以上のタイプのもののほか,切花用品種の開発がめざましく,本来の系統から多少違った形態をもつ品種が現れてきた。とくにフロリバンダ・ローズでは,房咲性をなくして単花咲きとしたもの(日本ではベビー・ローズBaby Roseと呼ばれ,マリー・デ・ボアMary De Vor,ミニュエットMinuetなどが代表品種)や,房咲きの特徴を最大限に発揮させたもの(スプレー・タイプSpray typeと呼ばれ,ミミ・ローズMimi Roseが代表品種)である。これはカーネーションのスプレー咲きと同じように切花の営業用としてのグループである。
営利的な切花生産以外は,露地で栽培される。環境に対する適応性は強く,世界中で広く栽培されており,日本でも北海道から九州,沖縄までいたるところで栽培されている。排水がよく保水力のある土地ならば,灌水,施肥などの栽培管理をきちんとすれば,どんな土地でも作ることができる。

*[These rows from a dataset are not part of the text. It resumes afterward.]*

Definition addOK (x y : OK) : OK := (fst x + fst y, snd x + snd y)%Z.
Definition oppOK (x : OK) : OK := (- fst x, - snd x)%Z.

(* omega^2 = t*omega + n with (t,n) = (1,(D-1)/4) if D = 1 mod 4, else (0,D). *)
Definition omega_t (D : Z) : Z := if is1mod4 D then 1%Z else 0%Z.
Definition omega_n (D : Z) : Z := if is1mod4 D then ((D - 1) / 4)%Z else D.

Definition mulOK (D : Z) (x y : OK) : OK :=
  let (a, b) := x in let (c, d) := y in
  (a * c + b * d * omega_n D, a * d + b * c + b * d * omega_t D)%Z.

(* Galois conjugation on coordinates: omega' = 1 - omega (D = 1 mod 4),
   omega' = - omega otherwise. *)
Definition conjOK (D : Z) (x : OK) : OK :=
  if is1mod4 D then (fst x + snd x, - snd x)%Z else (fst x, - snd x)%Z.

Definition totally_positive (D : Z) (b : OK) : Prop :=
  0 < emb D b /\ 0 < emb' D b.

Definition indecomposable (D : Z) (b : OK) : Prop :=
  totally_positive D b /\
  ~ (exists g d : OK, totally_positive D g /\ totally_positive D d /\
                      b = addOK g d).

Fixpoint cf_x (D : Z) (i : nat) : R :=
  match i with
  | O => omega D
  | S i' => / (cf_x D i' - IZR (Int_part (cf_x D i')))
  end.
Definition cf_u (D : Z) (i : nat) : Z := Int_part (cf_x D i).

(* Convergents with shifted index: pP D n = p_{n-1}, qQ D n = q_{n-1},
   so pP D 0 = p_{-1} = 1, qQ D 0 = q_{-1} = 0, pP D 1 = p_0 = u_0, qQ D 1 = 1. *)
Fixpoint pq (D : Z) (n : nat) : Z * Z * (Z * Z) :=
  (* returns ((p_{n-1}, q_{n-1}), (p_n, q_n)) *)
  match n with
  | O => ((1%Z, 0%Z), (cf_u D 0, 1%Z))
  | S n' =>
      let '((_, _), (p, q)) := pq D n' in
      let '((pm, qm), _) := pq D n' in
      ((p, q), (cf_u D n * p + pm, cf_u D n * q + qm)%Z)
  end.
Definition pP (D : Z) (n : nat) : Z := fst (fst (pq D n)).
Definition qQ (D : Z) (n : nat) : Z := snd (fst (pq D n)).

(* alpha_j = p_j - q_j * omega_D' as an element of O_K, with j = n - 1 >= -1. *)
Definition alphaJ (D : Z) (n : nat) : OK :=
  addOK (pP D n, 0%Z) (mulOK D ((- qQ D n)%Z, 0%Z) (conjOK D (0%Z, 1%Z))).

From Stdlib Require Import Reals ZArith Lia Lra.
Open Scope R_scope.
Lemma esum_geometric_pos (c : R) : (0 <= c < 1)%R ->
  \esum_(s in [set s : nat | (0 < s)%N]) (c ^+ s)%:E = (c / (1 - c))%:E.
Proof.
move=> /andP [c0 c1].
have hsucc : set_bij [set: nat] [set s | (0 < s)%N] succn.
  by split=> [n _ //|m n _ _ []|[|n] //= _]; [|exists n].
rewrite (reindex_esum _ _ _ _ hsucc) -nneseries_esumT; last first.
  by move=> n; rewrite lee_fin exprn_ge0.
have -> : (fun n => \sum_(0 <= i < n) (c ^+ i.+1)%:E) = EFin \o series (geometric c c).
  apply/funext => n /=; rewrite sumEFin /series /=; congr EFin.
  by apply: eq_bigr => i _; rewrite /geometric /= exprS.
have hc : (`|c| < 1)%R by rewrite ger0_norm.
rewrite EFin_lim; last exact: is_cvg_geometric_series.
by congr EFin; apply: (cvg_lim _ (@cvg_geometric_series R c c hc)).
Qed.

End ExtendedSums.

(* Both sides equal [\prod_(0 <= i < n.+1) (q ^+ n.+1 - q ^+ i)]. *)
Lemma affine_orderE (R : realType) (q : R) n : q != 0 ->
  (q ^+ n.+1 - 1) * affine_order n q = q ^+ (n.+1 ^ 2) * qpoch q n.+1.
Proof.
move=> q_neq0; rewrite /affine_order.
have -> : q ^+ n * \prod_(0 <= i < n) (q ^+ n - q ^+ i)
    = \prod_(1 <= i < n.+1) (q ^+ n.+1 - q ^+ i).
  rewrite big_add1 /= -{1}(subn0 n) -prodr_const_nat -big_split /=.
  by apply: eq_bigr => i _; rewrite !exprS; ring.
rewrite -[q ^+ n.+1 - 1]/(q ^+ n.+1 - q ^+ 0).
rewrite -(@big_ltn _ _ _ 0 n.+1 (fun i => q ^+ n.+1 - q ^+ i)) //.
have -> : q ^+ (n.+1 ^ 2) = \prod_(1 <= j < n.+2) q ^+ n.+1.
  by rewrite prodr_const_nat -exprM; congr (_ ^+ _); rewrite subn1 /= expnS expn1.
rewrite /qpoch -big_split /= big_add1 /= big_nat_rev /=.
apply: eq_big_nat => i /andP [_ hi].
have -> : (0 + n.+1 - i.+1 = n - i)%N by lia.
have -> : q ^+ n.+1 = q ^+ (n - i) * q ^+ i.+1 by rewrite -exprD; congr (_ ^+ _); lia.
by rewrite mulrBr mulr1 -mulrA mulfV ?mulr1 // expf_neq0.
Qed.

Section PartitionSums.
Variables (R : realType) (q u : R).
Hypotheses (q_gt1 : 1 < q) (u_gt0 : 0 < u) (u_lt1 : u < 1).

Let x := q^-1.

Lemma q_gt0 : 0 < q.
Proof. exact: lt_trans ltr01 q_gt1. Qed.

Lemma x_gt0 : 0 < x.
Proof. by rewrite invr_gt0 q_gt0. Qed.

Lemma x_lt1 : x < 1.
Proof. by rewrite invf_lt1 // q_gt0. Qed.
Lemma edot_cauchy_schwarz u v : edot u v <= enorm u * enorm v.
Proof.
have [->|v0] := eqVneq v 0.
  by rewrite enorm0 mulr0 /edot big1 // => i _; rewrite mxE mulr0.
have B0 : 0 < edot v v by rewrite lt_def edot_eq0 v0 edot_ge0.
set A := edot u u; set B := edot v v; set D := edot u v.
have projection_ge0 : 0 <= A - D ^+ 2 / B.
  have -> : A - D ^+ 2 / B = edot (u - (D / B) *: v) (u - (D / B) *: v).
    rewrite !(edotDl, edotDr, edotNl, edotNr, edotZl, edotZr) (edotC v u) -/A -/B -/D.
    by field; rewrite gt_eqF.
  exact: edot_ge0.
have : D ^+ 2 <= (enorm u * enorm v) ^+ 2.
  by rewrite exprMn !enorm_sqr -/A -/B -ler_pdivrMr // -subr_ge0.
rewrite -ler_sqrt ?sqr_ge0 // !sqrtr_sqr [X in _ <= X]ger0_norm ?mulr_ge0 ?enorm_ge0 //.
exact: le_trans (ler_norm D).
Qed.

Lemma enormD u v : enorm (u + v) <= enorm u + enorm v.
Proof.
rewrite -[X in _ <= X]ger0_norm ?addr_ge0 ?enorm_ge0 // -sqrtr_sqr.
rewrite ler_sqrt ?sqr_ge0 // sqrrD !enorm_sqr edotDl !edotDr (edotC v u).
by have := edot_cauchy_schwarz u v; rewrite mulr2n; lra.
Qed.

Lemma enormZ (a : R) u : enorm (a *: u) = `|a| * enorm u.
Proof. by rewrite /enorm edotZl edotZr mulrA -expr2 sqrtrM ?sqr_ge0 // sqrtr_sqr. Qed.

Lemma enormN u : enorm (- u) = enorm u.
Proof. by rewrite -scaleN1r enormZ normrN1 mul1r. Qed.

Lemma enormBC u v : enorm (u - v) = enorm (v - u).
Proof. by rewrite -enormN opprB. Qed.

Lemma enormB_le u v : enorm (u - v) <= enorm u + enorm v.
Proof. by rewrite -(enormN v) enormD. Qed.

Lemma coord_le_enorm u i : `|u ord0 i| <= enorm u.
Proof.
rewrite -sqrtr_sqr ler_sqrt ?edot_ge0 // /edot (bigD1 i) //= -expr2 lerDl.
by apply: sumr_ge0 => j _; rewrite -expr2 sqr_ge0.
Qed.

苗木は芽接ぎまたは切接ぎして殖やすが,春,秋の2回入手できる。春のものを新苗と呼び,4月中旬より6月上旬が植付けの適期である。秋の苗木は,大苗または2年苗と呼ばれ,葉はなく太い枝が2~3本出ている。10月中旬から翌年の3月下旬が植付適期であるが,厳寒期はさける。新苗,大苗とも,通常直径50cm,深さ50cm以上の植穴を掘って植え付ける。植穴には堆肥,有機質肥料を穴の半分くらい入れ,土とよく混ぜ合わせて元肥とする。肥料成分は窒素,リン酸,カリの比が1:2から3:1くらいになるようにする。植付け後は十分に灌水を行い,乾燥防止のため敷きわらを行う。植付けの間隔は木バラ(ミニアチュア・ローズを除く)は1mくらい,つるバラは2mくらいにする。
追肥は速効性の化学肥料を用い,春の芽出し後から月に1~2回の割合で行うが,つぼみが着色したら一時施肥を控える。冬季12~2月にかけ,木の周囲に深さ30cmくらいの穴を掘り,植付時と同様の堆肥および有機質肥料を十分に施す。これは翌年の元肥となる。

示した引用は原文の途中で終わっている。